The stairway was not designed by NASCAR and is
not a racetrack.
Beating me to the bottom is not the object.
Tripping me doesn't help because I fall faster than you can run.
I cannot buy anything bigger than a king sized
bed. I am very sorry about this. Do not think I will continue sleeping on the
couch to ensure your comfort. Dogs and cats can actually curl up in a ball when
they sleep. It is not necessary to sleep perpendicular to each other stretched
out to the fullest extent possible. I also know that sticking tails straight
out and having tongues hanging out the other end to maximize space is nothing
but sarcasm.
For the last time, there is not a secret exit
from the bathroom. If by some miracle I beat you there and manage to get the
door shut, it is not necessary to claw, whine, meow, try to turn the knob or get
your paw under the edge and try to pull the door open. I must exit through the
same door I entered. Also, I have been using the bathroom for years --canine or
feline attendance is not required.
The proper order is kiss me, then go smell
the other dog or cat's. I cannot stress this enough!
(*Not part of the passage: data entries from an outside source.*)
(* Let $W=\langle \mathcal{D},\mathcal{N},\mathrm{wr},\mathrm{gd}\rangle$ be a (1-safe) DAW-net with reachability graph $\mathit{RG}_W$, and let $\mathit{TS}_{\mathrm{pddl}(W)}$ be the transition system derived from the planning-domain encoding $\mathrm{pddl}(W)$ (as defined in the context). Then $\mathit{RG}_W$ and $\mathit{TS}_{\mathrm{pddl}(W)}$ are trace equivalent.
   Context: **Data model and guards.** A data model is $\mathcal{D}=(\mathcal{V},\Delta,\mathrm{dm},\mathrm{ord})$: $\mathcal{V}$ a set of variables; $\Delta=\{\Delta_1,\dots,\Delta_n\}$ domains (not necessarily disjoint); $\mathrm{dm}:\mathcal{V}\to\Delta$ total surjective, giving each variable its finite domain; $\mathrm{ord}$ a partial function giving, for some domains $\Delta_i$, a partial order $\le_{\Delta_i}$. An assignment is a partial function $\eta$ on $\mathcal{V}$ with $\eta(v)\in\mathrm{dm}(v)$ when defined. Guards: $\Phi ::= \mathit{true}\mid\mathrm{def}(v)\mid t_1=t_2\mid t_1\le t_2\mid\neg\Phi\mid\Phi\wedge\Phi$, $v\in\mathcal{V}$, $t_1,t_2\in\mathcal{V}\cup\bigcup_i\Delta_i$. With $t[\eta]=\eta(t)$ if $t$ is a variable on which $\eta$ is defined and $t$ otherwise: $\mathcal{D},\eta\models\mathit{true}$; $\mathcal{D},\eta\models\mathrm{def}(v)$ iff $\eta(v)$ defined; $\mathcal{D},\eta\models t_1=t_2$ iff $t_1[\eta],t_2[\eta]\notin\mathcal{V}$ and they are equal; $\mathcal{D},\eta\models t_1\le t_2$ iff $t_1[\eta],t_2[\eta]\in\Delta_i$ for some $i$ with $\mathrm{ord}(\Delta_i)$ defined and $t_1[\eta]\le_{\Delta_i}t_2[\eta]$; $\neg,\wedge$ classical. **DAW-nets.** Petri net $\mathcal{N}=(P,T,F)$, $F\subseteq(P\times T)\cup(T\times P)$, ${}^\bullet t=\{p\mid(p,t)\in F\}$, $t^\bullet=\{p\mid(t,p)\in F\}$, markings $M:P\to\mathbb{N}$; $\mathcal{N}$ is a workflow net with distinguished places $\mathit{start}$ and $\mathit{sink}$. A DAW-net is $W=\langle\mathcal{D},\mathcal{N},\mathrm{wr},\mathrm{gd}\rangle$ with $\mathrm{wr}(t)$ a partial function from $\mathcal{V}$ such that $\mathrm{wr}(t)(v)\subseteq\mathrm{dm}(v)$, and $\mathrm{gd}(t)$ a guard, for each $t\in T$. A state is $(M,\eta)$. A firing $(M,\eta)\xrightarrow{t}(M',\eta')$ is valid iff $\{p\mid M(p)>0\}\supseteq{}^\bullet t$; $\mathcal{D},\eta\models\mathrm{gd}(t)$; $M'(p)=M(p)-1$ for $p\in{}^\bullet t\setminus t^\bullet$, $M(p)+1$ for $p\in t^\bullet\setminus{}^\bullet t$, $M(p)$ otherwise; $\mathrm{dom}(\eta')=\mathrm{dom}(\eta)\cup\{v\mid\mathrm{wr}(t)(v)\neq\emptyset\}\setminus\{v\mid\mathrm{wr}(t)(v)=\emptyset\}$, with $\eta'(v)\in\mathrm{wr}(t)(v)$ if $v\in\mathrm{dom}(\mathrm{wr}(t))$ and $\eta'(v)=\eta(v)$ otherwise. Initial state $(M_s,\eta_s)$: one token in $\mathit{start}$, none elsewhere, $\eta_s$ empty. Standing assumption: $W$ is 1-safe (reachable markings have at most one token per place). $\mathcal{V}'$ denotes the finite set of variables appearing in $W$. **Reachability graph.** $\mathit{RG}_W=(T,\overline{S},\overline{s}_0,\overline{\delta})$, $\overline{s}_0=(M_s,\eta_s)$, $\overline{S}$ and $\overline{\delta}$ the least sets with $\overline{s}_0\in\overline{S}$ such that if $(M,\eta)\in\overline{S}$ and $(M,\eta)\xrightarrow{t}(M',\eta')$ is valid then $(M',\eta')\in\overline{S}$ and $((M,\eta),t,(M',\eta'))\in\overline{\delta}$. **Trace equivalence.** A path is a sequence $s_0\xrightarrow{l_1}\cdots\xrightarrow{l_n}s_n$ ($n\ge0$) from the initial state along transitions. $\mathit{RG}$ and $\mathit{TS}$ are trace equivalent iff there is an injective map $\mathrm{enc}$ from states and transitions of $\mathit{RG}$ to states and labels of $\mathit{TS}$ such that (1) every path $s_0\xrightarrow{t_1}\cdots\xrightarrow{t_n}s_n$ of $\mathit{RG}$ yields a path $\mathrm{enc}(s_0)\xrightarrow{\mathrm{enc}(t_1)}\cdots\xrightarrow{\mathrm{enc}(t_n)}\mathrm{enc}(s_n)$ of $\mathit{TS}$, and (2) for every path $s'_0\xrightarrow{t'_1}\cdots\xrightarrow{t'_n}s'_n$ of $\mathit{TS}$ there is a path $s_0\xrightarrow{t_1}\cdots\xrightarrow{t_n}s_n$ of $\mathit{RG}$ with $\mathrm{enc}(s_i)=s'_i$ and $\mathrm{enc}(t_i)=t'_i$. **State-variable planning.** Given objects $B$, state variables $v$ each with a range $\mathrm{Range}(v)\subseteq B$, and rigid relations over $B$, a state is an assignment of each state variable to an element of its range. Preconditions are Boolean combinations of atoms $\mathrm{true}$, $r(z_1,\dots,z_n)$ and $z_1=z_2$, where the $z_i$ are constants, parameters or state variables (state variables evaluated at the current state). An action template $\alpha$ has a head $\mathit{act}(z_1,\dots,z_k)$ with parameters ranging over finite sets, a precondition $\mathrm{pre}(\alpha)$, and effects $\mathrm{eff}(\alpha)$, a set of assignments $v\leftarrow z$; a ground action substitutes constants for the parameters. The transition function $\gamma$ is defined on $(s,a)$ iff $\mathrm{pre}(a)$ holds in $s$, and $\gamma(s,a)=\{(v,w)\mid v\leftarrow w\in\mathrm{eff}(a)\}\cup\{(v,w)\in s\mid v$ is not assigned in $\mathrm{eff}(a)\}$. **The encoding $\mathrm{pddl}(W)$.** State variables: each $v\in\mathcal{V}'$ with range $\mathrm{dm}(v)\cup\{\mathrm{null}\}$, and a Boolean state variable for each $p\in P$. Rigid relations: $\mathrm{ord}=\bigcup_i\{(o,o')\in\Delta_i^2\mid o\le_{\Delta_i}o'\}$ (over $\Delta_i$ with $\mathrm{ord}(\Delta_i)$ defined), and for $t\in T$ and $v\in\mathrm{dom}(\mathrm{wr}(t))$ the unary relation $wr_{t,v}=\mathrm{wr}(t)(v)$ if $\mathrm{wr}(t)(v)\neq\emptyset$ and $wr_{t,v}=\{\mathrm{null}\}$ otherwise. Guard translation $[\cdot]$: $[\mathit{true}]=\mathrm{true}$, $[\mathrm{def}(v)]=\neg(v=\mathrm{null})$, $[v=t_2]=\neg(v=\mathrm{null})\wedge(v=t_2)$, $[t_1\le t_2]=\mathrm{ord}(t_1,t_2)$, $[\neg\Phi]=\neg[\Phi]$, $[\Phi_1\wedge\Phi_2]=[\Phi_1]\wedge[\Phi_2]$. For each $t\in T$ with $\mathrm{dom}(\mathrm{wr}(t))=\{v_1,\dots,v_k\}$, the template $\alpha_t$ has head $t(z_{v_1},\dots,z_{v_k})$, precondition $[\mathrm{gd}(t)]\wedge\bigwedge_{i}wr_{t,v_i}(z_{v_i})\wedge\bigwedge_{p\in{}^\bullet t}(p=\mathrm{true})$, and effects $v_i\leftarrow z_{v_i}$ ($1\le i\le k$), $p\leftarrow\mathrm{false}$ for $p\in{}^\bullet t\setminus t^\bullet$, $p\leftarrow\mathrm{true}$ for $p\in t^\bullet$. **Mapping and transition system.** $\Psi(M,\eta)$ is the planning state mapping $v\mapsto\eta(v)$ if $\eta(v)$ is defined and $v\mapsto\mathrm{null}$ otherwise ($v\in\mathcal{V}'$), and $p\mapsto\mathrm{true}$ if $M(p)>0$, $p\mapsto\mathrm{false}$ if $M(p)=0$. $\mathit{TS}_{\mathrm{pddl}(W)}=(T,S_{\mathrm{pddl}},s_0,\delta_{\mathrm{pddl}})$ with $s_0=\Psi(\overline{s}_0)$, $S_{\mathrm{pddl}}$ the least set containing $s_0$ and closed under $s\mapsto\gamma(s,a)$ for ground actions $a$ of the templates $\alpha_t$, and $\delta_{\mathrm{pddl}}=\{(s,t,s')\in S_{\mathrm{pddl}}\times T\times S_{\mathrm{pddl}}\mid\gamma(s,a_t)=s'$ for some ground action $a_t$ of $\alpha_t\}$. *)

From HB Require Import structures.
From mathcomp Require Import all_boot.
From mathcomp Require Import finmap.
Lemma integral_one_sub_mul_gamma1 (g : R -> R) : measurable_fun [set: R] g ->
  (forall t, 0 <= g t <= 1) ->
  (\int[mu]_t ((1 - g t) * gamma1 t)%:E = 1 - \int[mu]_t (g t * gamma1 t)%:E)%E.
Proof.
move=> mg g01.
have m1g : measurable_fun [set: R] (fun t => ((1 - g t) * gamma1 t)%:E).
  apply/measurable_EFinP; apply: measurable_funM; last exact: measurable_gamma1.
  exact: measurable_funB.
have mg' : measurable_fun [set: R] (fun t => (g t * gamma1 t)%:E).
  by apply/measurable_EFinP; apply: measurable_funM => //; exact: measurable_gamma1.
have g_ge0 t : 0 <= g t by case/andP: (g01 t).
have g_le1 t : g t <= 1 by case/andP: (g01 t).
have sum1 : (\int[mu]_t ((1 - g t) * gamma1 t)%:E
    + \int[mu]_t (g t * gamma1 t)%:E = 1)%E.
  rewrite -ge0_integralD //; last 2 first.
  - by move=> t _; rewrite lee_fin mulr_ge0 ?subr_ge0 ?gamma1_ge0.
  - by move=> t _; rewrite lee_fin mulr_ge0 ?gamma1_ge0.
  rewrite -integral_gamma1; apply: eq_integral => t _; rewrite -EFinD; congr EFin.
  by ring.
have fin : (\int[mu]_t (g t * gamma1 t)%:E)%E \is a fin_num.
  rewrite ge0_fin_numE; last by apply: integral_ge0 => t _; rewrite lee_fin mulr_ge0 ?gamma1_ge0.
  apply: (@le_lt_trans _ _ 1%E); last exact: ltry.
  rewrite -integral_gamma1; apply: ge0_le_integral => //.
  - by move=> t _; rewrite lee_fin mulr_ge0 ?gamma1_ge0.
  - by apply/measurable_EFinP; exact: measurable_gamma1.
  - by move=> t _; rewrite lee_fin ler_piMl ?gamma1_ge0.
by rewrite -sum1 addeK.
Qed.

End gaussian.

Section translation.
Context {R : realType}.
Notation mu := (@lebesgue_measure R).
Variable G : R -> R.
Hypotheses (cG : continuous G) (G0 : forall x, 0 <= G x).

Let derive1_addr (c : R) : (fun x : R => x + c)^`()%classic = cst 1.
Proof.
by apply/funext => x; rewrite derive1E deriveD// derive_id derive_cst addr0.
Qed.

Let continuous_addr (c : R) : continuous (fun x : R => x + c).
Proof. by move=> x; apply: cvgD; [exact: cvg_id|exact: cvg_cst]. Qed.

Lemma integral_translate (c : R) :
  (\int[mu]_x (G (x + c))%:E = \int[mu]_x (G x)%:E)%E.
Proof.
rewrite (@increasing_ge0_integration_by_substitutionT _ (fun x => x + c) G)//.
- by apply: eq_integral => x _; rewrite derive1_addr /= mulr1.
- by move=> x y xy; rewrite ltrD2r.
- by rewrite derive1_addr; exact: cst_continuous.
- by rewrite derive1_addr; exact: is_cvg_cst.
- by rewrite derive1_addr; exact: is_cvg_cst.
- exact: (@cvg_addrr_Ny R c).
- exact: (@cvg_addrr R c).
Qed.

Lemma integral_translate_itvy (a c : R) :
  (\int[mu]_(x in `[a, +oo[) (G (x + c))%:E =
   \int[mu]_(x in `[(a + c)%R, +oo[) (G x)%:E)%E.
Proof.
transitivity (\int[mu]_(x in `[a, +oo[)
    (((G \o (fun x => x + c)) * (fun x => x + c)^`()%classic) x)%:E)%E.
  by apply: eq_integral => x _; rewrite derive1_addr /= mulr1.
apply/esym; apply: (@increasing_ge0_integration_by_substitutiony R (fun x => x + c) G a).
- by move=> x y _ _ xy; rewrite ltrD2r.
- by rewrite derive1_addr => x _; exact: cst_continuous.
- by rewrite derive1_addr; exact: is_cvg_cst.
- by rewrite derive1_addr; exact: is_cvg_cst.
- split; first by move=> x _.
  apply: cvg_at_right_filter; exact: continuous_addr.
- exact: (@cvg_addrr R c).
- exact: continuous_subspaceT.
- by move=> x _.
Qed.

Lemma integral_translate_itvNy (b c : R) :
  (\int[mu]_(x in `]-oo, b]) (G (x + c))%:E =
   \int[mu]_(x in `]-oo, (b + c)%R]) (G x)%:E)%E.
Proof.
transitivity (\int[mu]_(x in `]-oo, b])
    (((G \o (fun x => x + c)) * (fun x => x + c)^`()%classic) x)%:E)%E.
  by apply: eq_integral => x _; rewrite derive1_addr /= mulr1.
apply/esym; apply: (@increasing_ge0_integration_by_substitutionNy R (fun x => x + c) G b).
- by move=> x y _ _ xy; rewrite ltrD2r.
- by rewrite derive1_addr => x _; exact: cst_continuous.
- by rewrite derive1_addr; exact: is_cvg_cst.
- by rewrite derive1_addr; exact: cvg_cst.
- split; first by move=> x _.
  apply: cvg_at_left_filter; exact: continuous_addr.
- exact: (@cvg_addrr_Ny R c).
- exact: continuous_subspaceT.
- by move=> x _.
Qed.

End translation.

Section planar_change_of_variables.
Context {R : realType}.
Notation mu := (@lebesgue_measure R).
Variables k g : R -> R.
Hypotheses (ck : continuous k) (cg : continuous g).
Hypotheses (k0 : forall x, 0 <= k x) (g0 : forall x, 0 <= g x).

Definition prod_lin (a b c d : R) (y : R * R) : \bar R :=
  (k (a * y.1 + b * y.2) * g (c * y.1 + d * y.2))%:E.

Let measurable_lin (a b : R) :
  measurable_fun [set: R * R] (fun y : R * R => a * y.1 + b * y.2).
Proof.
by apply: measurable_funD; apply: measurable_funM;
  [exact: measurable_cst|exact: measurable_fst|exact: measurable_cst|exact: measurable_snd].
Qed.

Lemma measurable_prod_lin (a b c d : R) : measurable_fun [set: R * R] (prod_lin a b c d).
Proof.
apply/measurable_EFinP; apply: measurable_funM; apply: measurableT_comp;
  by [exact: continuous_measurable_fun|exact: measurable_lin].
Qed.

Lemma prod_lin_ge0 (a b c d : R) (y : R * R) : (0 <= prod_lin a b c d y)%E.
Proof. by rewrite lee_fin mulr_ge0. Qed.

Let continuous_prod_affine (a s c t : R) :
  continuous (fun x => k (a * x + s) * g (c * x + t)).
Proof.
have affine (h : R -> R) (a' s' : R) : continuous h -> continuous (fun x => h (a' * x + s')).
  move=> ch x; apply: continuous_comp; last exact: ch.
  by apply: cvgD; [apply: cvgM; [exact: cvg_cst|exact: cvg_id]|exact: cvg_cst].
by move=> x; apply: cvgM; exact: affine.
Qed.

Lemma integral_prod_lin_shear1 (a b c d e : R) :
  (\int[leb2]_y prod_lin a (a * e + b) c (c * e + d) y =
   \int[leb2]_y prod_lin a b c d y)%E.
Proof.
rewrite /leb2 !fubini_tonelli2; try exact: measurable_prod_lin; try exact: prod_lin_ge0.
apply: eq_integral => y _; rewrite /fubini_G.
pose F x := k (a * x + b * y) * g (c * x + d * y).
transitivity (\int[mu]_x (F (x + e * y))%:E)%E.
  by apply: eq_integral => x _; rewrite /prod_lin /F /=; congr (k _ * g _)%:E; ring.
rewrite integral_translate //; first exact: continuous_prod_affine.
by move=> x; rewrite mulr_ge0.
Qed.

Lemma integral_prod_lin_shear2 (a b c d e : R) :
  (\int[leb2]_y prod_lin (a + b * e) b (c + d * e) d y =
   \int[leb2]_y prod_lin a b c d y)%E.
Proof.
rewrite /leb2 !fubini_tonelli1; try exact: measurable_prod_lin; try exact: prod_lin_ge0.
apply: eq_integral => x _; rewrite /fubini_F.
pose F y := k (b * y + a * x) * g (d * y + c * x).
transitivity (\int[mu]_y (F (y + e * x))%:E)%E.
  by apply: eq_integral => y _; rewrite /prod_lin /F /=; congr (k _ * g _)%:E; ring.
rewrite integral_translate; last 2 first.
- exact: continuous_prod_affine.
- by move=> y; rewrite mulr_ge0.
by apply: eq_integral => y _; rewrite /prod_lin /F /= (addrC (b * y)) (addrC (d * y)).
Qed.

(* A rotation by an angle theta <> pi is the product of the shears with parameters
   tan (theta / 2) = u2 / (1 + u1), - sin theta and tan (theta / 2). *)
Lemma integral_prod_lin_rotate (a b c d u1 u2 : R) :
  u1 ^+ 2 + u2 ^+ 2 = 1 -> 1 + u1 != 0 ->
  (\int[leb2]_y prod_lin (a * u1 - b * u2) (a * u2 + b * u1)
                      (c * u1 - d * u2) (c * u2 + d * u1) y =
   \int[leb2]_y prod_lin a b c d y)%E.
Proof.
move=> hu hu1.
have circle0 : 1 - u1 ^+ 2 - u2 ^+ 2 = 0 by rewrite -hu; ring.
pose al := u2 / (1 + u1); pose be := - u2.
have E1 p q : p * u1 - q * u2 = p + (p * al + q) * be.
  transitivity (p + (p * al + q) * be + (1 - u1 ^+ 2 - u2 ^+ 2) * (- p / (1 + u1))).
    by rewrite /al /be; field.
  by rewrite circle0 mul0r addr0.
have E2 p q : p * u2 + q * u1 = (p + (p * al + q) * be) * al + (p * al + q).
  transitivity ((p + (p * al + q) * be) * al + (p * al + q)
     + (1 - u1 ^+ 2 - u2 ^+ 2) * (- (p * u2 / (1 + u1) ^+ 2 + q / (1 + u1)))).
    by rewrite /al /be; field.
  by rewrite circle0 mul0r addr0.
by rewrite E1 E2 E1 E2 integral_prod_lin_shear1 integral_prod_lin_shear2
  integral_prod_lin_shear1.
Qed.

Lemma integral_prod_lin_orthogonal (u1 u2 : R) : u1 ^+ 2 + u2 ^+ 2 = 1 ->
  (\int[leb2]_y prod_lin u1 u2 (- u2) u1 y = \int[leb2]_y prod_lin 1 0 0 1 y)%E.
Proof.
move=> hu; have [u1N1|u1N1] := eqVneq (1 + u1) 0; last first.
  rewrite -(integral_prod_lin_rotate 1 0 0 1 _ _ hu u1N1).
  by apply: eq_integral => y _; rewrite /prod_lin; congr (k _ * g _)%:E; ring.
(* The remaining case u = (-1, 0) is the rotation by pi, a product of two quarter turns. *)
have u1E : u1 = -1 by apply/eqP; rewrite -subr_eq0 opprK addrC u1N1.
have u2E : u2 = 0.
  apply/eqP; rewrite -sqrf_eq0; apply/eqP; move: hu; rewrite u1E sqrrN expr1n.
  by move=> h; rewrite -(addKr 1 (u2 ^+ 2)) h addNr.
rewrite u1E u2E.
have quarter_turn : (0 : R) ^+ 2 + 1 ^+ 2 = 1 by rewrite expr0n expr1n add0r.
have quarter_turn_ok : (1 : R) + 0 != 0 by rewrite addr0 oner_neq0.
transitivity (\int[leb2]_y prod_lin 0 1 (-1) 0 y)%E.
  rewrite -(integral_prod_lin_rotate 0 1 (-1) 0 _ _ quarter_turn quarter_turn_ok).
  by apply: eq_integral => y _; rewrite /prod_lin; congr (k _ * g _)%:E; ring.
rewrite -(integral_prod_lin_rotate 1 0 0 1 _ _ quarter_turn quarter_turn_ok).
by apply: eq_integral => y _; rewrite /prod_lin; congr (k _ * g _)%:E; ring.
Qed.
To pacify you, my dear pets, I have posted the
following message on our front door:
To All Non-Pet Owners Who Visit & Like to
Complain About Our Pets:
1. They live here. You don't.
2. If you don't want their hair on your clothes,
stay off the furniture. That's why they call it 'fur'niture.
3. I like my pets a lot better than I like most
people.
4. To you, it's an animal. To me, he/she is an
adopted son/daughter who is short, hairy, walks on all fours and doesn't speak
clearly.
Remember: Dogs and cats are better than kids
because they:
1. Eat less
2. Don't ask for money all the time
3 Are easier to train
4. Normally come when called
5. Never ask to drive the car
6. Don't hang out with drug-using friends
7. Don't smoke or drink
8. Don't have to buy the latest fashions
9. Don't want to wear your
clothes
10. Don't need a gazillion dollars for college,
and...
11.
If they get pregnant, you can sell their children.